### Goal of the exercise
The entries that follow need to be returned without any alteration.

### Given records

● ● ● ● ●

(* For every integer $n>0$, $$A(n)=B(n)=C(n+1)=\tfrac12 D(n+1)=E(n+2)=F(n+1).$$
   Context: The partition functions are defined as follows. - $A(n)$ is the number of partitions of $n$ into distinct parts. - $B(n)$ is the number of partitions of $n$ into odd parts. - $C(n)$ is the number of partitions of $n$ whose largest part is even and whose parts not exceeding half of the largest part are distinct. - $D(n)$ is the number of partitions of $n$ into non-negative parts (part $0$ allowed) in which the smallest part appears exactly twice and no other part is repeated. - $E(n)$ is the number of partitions of $n$ in which all parts are odd and the largest part appears exactly once. - $F(n)$ is the number of partitions of $n$ whose largest part is even and appears exactly once, all other parts being odd. *)

From mathcomp Require Import all_boot.
Set Implicit Arguments. Unset Strict Implicit. Unset Printing Implicit Defensive.

(* A partition is represented by the nonincreasing list of its parts. *)

Fixpoint bounded_seqs (L M : nat) : seq (seq nat) :=
  [::] :: (if L is L'.+1 then
             [seq x :: s | x <- iota 0 M, s <- bounded_seqs L' M]
           else [::]).

Definition is_partition (n : nat) (s : seq nat) : bool :=
  [&& sorted geq s, all (fun x => 0 < x) s & sumn s == n].

Definition is_partition0 (n : nat) (s : seq nat) : bool :=
  sorted geq s && (sumn s == n).

(* Every partition of n (even with parts 0 allowed, as long as at most two
   parts are 0) has at most n+2 parts, each at most n, so it occurs in
   [bounded_seqs n.+2 n.+1]. *)
Definition npart (isp : nat -> seq nat -> bool) (P : pred (seq nat)) (n : nat) : nat :=
  count (fun s => isp n s && P s) (bounded_seqs n.+2 n.+1).

Definition largest (s : seq nat) : nat := head 0 s.
Definition smallest (s : seq nat) : nat := last 0 s.

Definition A (n : nat) : nat := npart is_partition (fun s => uniq s) n.

Definition B (n : nat) : nat := npart is_partition (fun s => all odd s) n.

Definition C (n : nat) : nat :=
  npart is_partition
    (fun s => [&& s != [::], ~~ odd (largest s)
                & uniq [seq x <- s | x <= (largest s)./2]]) n.

Definition D (n : nat) : nat :=
  npart is_partition0
    (fun s => [&& s != [::], count_mem (smallest s) s == 2
                & uniq [seq x <- s | x != smallest s]]) n.

Definition E (n : nat) : nat :=
  npart is_partition
    (fun s => [&& s != [::], all odd s & count_mem (largest s) s == 1]) n.

Definition F (n : nat) : nat :=
  npart is_partition
    (fun s => match s with
              | a :: t => [&& ~~ odd a, a \notin t & all odd t]
              | [::] => false
              end) n.
(* Let $\mathcal M^\times\subset\mathcal M^\times_{n,d,q}$ be the unique irreducible component containing the subvariety $\mathcal M^\times_{n,1,q}$ (embedded by $V_\alpha=W_\alpha=0$ for $\alpha\ge2$). Then the maps $p_x,p_z:\mathcal M^\times\to\mathrm{Mat}_{n\times n}$, $p_x(X,Z,V_\alpha,W_\alpha)=X$, $p_z(X,Z,V_\alpha,W_\alpha)=Z$, have dense image. In particular, at a generic point of $\mathcal M^\times$ both $X$ and $Z$ have simple spectrum.
   Context: Fix integers $n,d\ge1$ and $q\in\mathbb C^\times$ not a root of unity. $\mathcal M^\times_{n,d,q}$ is the affine variety of tuples $(X,Z,V_1,\dots,V_d,W_1,\dots,W_d)$ with $X,Z\in\mathrm{GL}_n(\mathbb C)$, $V_\alpha\in\mathrm{Mat}_{1\times n}$, $W_\alpha\in\mathrm{Mat}_{n\times1}$, every $\mathrm{Id}_n+W_\alpha V_\alpha$ invertible, and $XZX^{-1}Z^{-1}(\mathrm{Id}_n+W_1V_1)^{-1}\cdots(\mathrm{Id}_n+W_dV_d)^{-1}=q\,\mathrm{Id}_n$. *)

From HB Require Import structures.
From mathcomp Require Import all_boot all_order all_algebra.
From mathcomp Require Import complex.
From mathcomp Require Import Rstruct.
Set Implicit Arguments. Unset Strict Implicit. Unset Printing Implicit Defensive.
Import Order.TTheory GRing.Theory Num.Theory.
Local Open Scope ring_scope.

Notation CC := (complex Rdefinitions.R).

Inductive polyfun (T I : Type) (c : I -> T -> CC) : (T -> CC) -> Prop :=
  | pf_const (a : CC) : polyfun c (fun _ => a)
  | pf_coord (i : I) : polyfun c (c i)
  | pf_add f g : polyfun c f -> polyfun c g -> polyfun c (fun x => f x + g x)
  | pf_mul f g : polyfun c f -> polyfun c g -> polyfun c (fun x => f x * g x).

Definition zclosed (T I : Type) (c : I -> T -> CC) (S : T -> Prop) : Prop :=
  exists P : (T -> CC) -> Prop,
    (forall f, P f -> polyfun c f) /\
    (forall x, S x <-> (forall f, P f -> f x = 0)).

Definition zirreducible (T I : Type) (c : I -> T -> CC) (Y : T -> Prop) : Prop :=
  (exists x, Y x) /\
  forall S1 S2, zclosed c S1 -> zclosed c S2 ->
    (forall x, Y x -> S1 x \/ S2 x) ->
    (forall x, Y x -> S1 x) \/ (forall x, Y x -> S2 x).

Definition irred_component (T I : Type) (c : I -> T -> CC) (X Y : T -> Prop) : Prop :=
  (forall x, Y x -> X x) /\ zirreducible c Y /\
  forall Y', (forall x, Y' x -> X x) -> zirreducible c Y' ->
    (forall x, Y x -> Y' x) -> forall x, Y' x -> Y x.

Definition zdense (T I : Type) (c : I -> T -> CC) (A : T -> Prop) : Prop :=
  forall f, polyfun c f -> (forall x, A x -> f x = 0) -> forall x, f x = 0.

(* Points of the ambient affine space: (X, Z, (V_a)_a, (W_a)_a); the index
   a : 'I_d stands for alpha = a + 1. *)
Definition pt (n d : nat) : Type :=
  ('M[CC]_n * 'M[CC]_n * ('I_d -> 'rV[CC]_n) * ('I_d -> 'cV[CC]_n))%type.

Definition ptX n d (p : pt n d) : 'M[CC]_n := p.1.1.1.
Definition ptZ n d (p : pt n d) : 'M[CC]_n := p.1.1.2.
Definition ptV n d (p : pt n d) : 'I_d -> 'rV[CC]_n := p.1.2.
Definition ptW n d (p : pt n d) : 'I_d -> 'cV[CC]_n := p.2.

Definition pt_coord n d
  (i : (('I_n * 'I_n) + ('I_n * 'I_n) + ('I_d * 'I_n) + ('I_d * 'I_n))%type)
  (p : pt n d) : CC :=
  match i with
  | inl (inl (inl (k, l))) => ptX p k l
  | inl (inl (inr (k, l))) => ptZ p k l
  | inl (inr (a, l)) => ptV p a 0 l
  | inr (a, k) => ptW p a k 0
  end.

Definition mx_coord n (i : ('I_n * 'I_n)%type) (A : 'M[CC]_n) : CC := A i.1 i.2.

Definition Mx (n d : nat) (q : CC) (p : pt n d) : Prop :=
  ptX p \in unitmx /\ ptZ p \in unitmx /\
  (forall a, (1%:M + ptW p a *m ptV p a) \in unitmx) /\
  ptX p *m ptZ p *m invmx (ptX p) *m invmx (ptZ p) *m
    \big[mulmx/1%:M]_(a < d) invmx (1%:M + ptW p a *m ptV p a)
  = q%:M.

Definition Mx1_embedded (n d : nat) (q : CC) (p : pt n d) : Prop :=
  Mx q p /\ forall a : 'I_d, (a : nat) != 0%N -> ptV p a = 0 /\ ptW p a = 0.

Definition simple_spectrum n (A : 'M[CC]_n) : Prop :=
  exists s : seq CC, uniq s /\ size s = n /\ all (eigenvalue A) s.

● ● ● ● ●

### Solution below
(* For every integer $n>0$, $$A(n)=B(n)=C(n+1)=\tfrac12 D(n+1)=E(n+2)=F(n+1).$$
   Context: The partition functions are defined as follows. - $A(n)$ is the number of partitions of $n$ into distinct parts. - $B(n)$ is the number of partitions of $n$ into odd parts. - $C(n)$ is the number of partitions of $n$ whose largest part is even and whose parts not exceeding half of the largest part are distinct. - $D(n)$ is the number of partitions of $n$ into non-negative parts (part $0$ allowed) in which the smallest part appears exactly twice and no other part is repeated. - $E(n)$ is the number of partitions of $n$ in which all parts are odd and the largest part appears exactly once. - $F(n)$ is the number of partitions of $n$ whose largest part is even and appears exactly once, all other parts being odd. *)

From mathcomp Require Import all_boot.
Set Implicit Arguments. Unset Strict Implicit. Unset Printing Implicit Defensive.

(* A partition is represented by the nonincreasing list of its parts. *)

Fixpoint bounded_seqs (L M : nat) : seq (seq nat) :=
  [::] :: (if L is L'.+1 then
             [seq x :: s | x <- iota 0 M, s <- bounded_seqs L' M]
           else [::]).

Definition is_partition (n : nat) (s : seq nat) : bool :=
  [&& sorted geq s, all (fun x => 0 < x) s & sumn s == n].

Definition is_partition0 (n : nat) (s : seq nat) : bool :=
  sorted geq s && (sumn s == n).

(* Every partition of n (even with parts 0 allowed, as long as at most two
   parts are 0) has at most n+2 parts, each at most n, so it occurs in
   [bounded_seqs n.+2 n.+1]. *)
Definition npart (isp : nat -> seq nat -> bool) (P : pred (seq nat)) (n : nat) : nat :=
  count (fun s => isp n s && P s) (bounded_seqs n.+2 n.+1).

Definition largest (s : seq nat) : nat := head 0 s.
Definition smallest (s : seq nat) : nat := last 0 s.

Definition A (n : nat) : nat := npart is_partition (fun s => uniq s) n.

Definition B (n : nat) : nat := npart is_partition (fun s => all odd s) n.

Definition C (n : nat) : nat :=
  npart is_partition
    (fun s => [&& s != [::], ~~ odd (largest s)
                & uniq [seq x <- s | x <= (largest s)./2]]) n.

Definition D (n : nat) : nat :=
  npart is_partition0
    (fun s => [&& s != [::], count_mem (smallest s) s == 2
                & uniq [seq x <- s | x != smallest s]]) n.

Definition E (n : nat) : nat :=
  npart is_partition
    (fun s => [&& s != [::], all odd s & count_mem (largest s) s == 1]) n.

Definition F (n : nat) : nat :=
  npart is_partition
    (fun s => match s with
              | a :: t => [&& ~~ odd a, a \notin t & all odd t]
              | [::] => false
              end) n.
(* Let $\mathcal M^\times\subset\mathcal M^\times_{n,d,q}$ be the unique irreducible component containing the subvariety $\mathcal M^\times_{n,1,q}$ (embedded by $V_\alpha=W_\alpha=0$ for $\alpha\ge2$). Then the maps $p_x,p_z:\mathcal M^\times\to\mathrm{Mat}_{n\times n}$, $p_x(X,Z,V_\alpha,W_\alpha)=X$, $p_z(X,Z,V_\alpha,W_\alpha)=Z$, have dense image. In particular, at a generic point of $\mathcal M^\times$ both $X$ and $Z$ have simple spectrum.
   Context: Fix integers $n,d\ge1$ and $q\in\mathbb C^\times$ not a root of unity. $\mathcal M^\times_{n,d,q}$ is the affine variety of tuples $(X,Z,V_1,\dots,V_d,W_1,\dots,W_d)$ with $X,Z\in\mathrm{GL}_n(\mathbb C)$, $V_\alpha\in\mathrm{Mat}_{1\times n}$, $W_\alpha\in\mathrm{Mat}_{n\times1}$, every $\mathrm{Id}_n+W_\alpha V_\alpha$ invertible, and $XZX^{-1}Z^{-1}(\mathrm{Id}_n+W_1V_1)^{-1}\cdots(\mathrm{Id}_n+W_dV_d)^{-1}=q\,\mathrm{Id}_n$. *)

From HB Require Import structures.
From mathcomp Require Import all_boot all_order all_algebra.
From mathcomp Require Import complex.
From mathcomp Require Import Rstruct.
Set Implicit Arguments. Unset Strict Implicit. Unset Printing Implicit Defensive.
Import Order.TTheory GRing.Theory Num.Theory.
Local Open Scope ring_scope.

Notation CC := (complex Rdefinitions.R).

Inductive polyfun (T I : Type) (c : I -> T -> CC) : (T -> CC) -> Prop :=
  | pf_const (a : CC) : polyfun c (fun _ => a)
  | pf_coord (i : I) : polyfun c (c i)
  | pf_add f g : polyfun c f -> polyfun c g -> polyfun c (fun x => f x + g x)
  | pf_mul f g : polyfun c f -> polyfun c g -> polyfun c (fun x => f x * g x).

Definition zclosed (T I : Type) (c : I -> T -> CC) (S : T -> Prop) : Prop :=
  exists P : (T -> CC) -> Prop,
    (forall f, P f -> polyfun c f) /\
    (forall x, S x <-> (forall f, P f -> f x = 0)).

Definition zirreducible (T I : Type) (c : I -> T -> CC) (Y : T -> Prop) : Prop :=
  (exists x, Y x) /\
  forall S1 S2, zclosed c S1 -> zclosed c S2 ->
    (forall x, Y x -> S1 x \/ S2 x) ->
    (forall x, Y x -> S1 x) \/ (forall x, Y x -> S2 x).

Definition irred_component (T I : Type) (c : I -> T -> CC) (X Y : T -> Prop) : Prop :=
  (forall x, Y x -> X x) /\ zirreducible c Y /\
  forall Y', (forall x, Y' x -> X x) -> zirreducible c Y' ->
    (forall x, Y x -> Y' x) -> forall x, Y' x -> Y x.

Definition zdense (T I : Type) (c : I -> T -> CC) (A : T -> Prop) : Prop :=
  forall f, polyfun c f -> (forall x, A x -> f x = 0) -> forall x, f x = 0.

(* Points of the ambient affine space: (X, Z, (V_a)_a, (W_a)_a); the index
   a : 'I_d stands for alpha = a + 1. *)
Definition pt (n d : nat) : Type :=
  ('M[CC]_n * 'M[CC]_n * ('I_d -> 'rV[CC]_n) * ('I_d -> 'cV[CC]_n))%type.

Definition ptX n d (p : pt n d) : 'M[CC]_n := p.1.1.1.
Definition ptZ n d (p : pt n d) : 'M[CC]_n := p.1.1.2.
Definition ptV n d (p : pt n d) : 'I_d -> 'rV[CC]_n := p.1.2.
Definition ptW n d (p : pt n d) : 'I_d -> 'cV[CC]_n := p.2.

Definition pt_coord n d
  (i : (('I_n * 'I_n) + ('I_n * 'I_n) + ('I_d * 'I_n) + ('I_d * 'I_n))%type)
  (p : pt n d) : CC :=
  match i with
  | inl (inl (inl (k, l))) => ptX p k l
  | inl (inl (inr (k, l))) => ptZ p k l
  | inl (inr (a, l)) => ptV p a 0 l
  | inr (a, k) => ptW p a k 0
  end.

Definition mx_coord n (i : ('I_n * 'I_n)%type) (A : 'M[CC]_n) : CC := A i.1 i.2.

Definition Mx (n d : nat) (q : CC) (p : pt n d) : Prop :=
  ptX p \in unitmx /\ ptZ p \in unitmx /\
  (forall a, (1%:M + ptW p a *m ptV p a) \in unitmx) /\
  ptX p *m ptZ p *m invmx (ptX p) *m invmx (ptZ p) *m
    \big[mulmx/1%:M]_(a < d) invmx (1%:M + ptW p a *m ptV p a)
  = q%:M.

Definition Mx1_embedded (n d : nat) (q : CC) (p : pt n d) : Prop :=
  Mx q p /\ forall a : 'I_d, (a : nat) != 0%N -> ptV p a = 0 /\ ptW p a = 0.

Definition simple_spectrum n (A : 'M[CC]_n) : Prop :=
  exists s : seq CC, uniq s /\ size s = n /\ all (eigenvalue A) s.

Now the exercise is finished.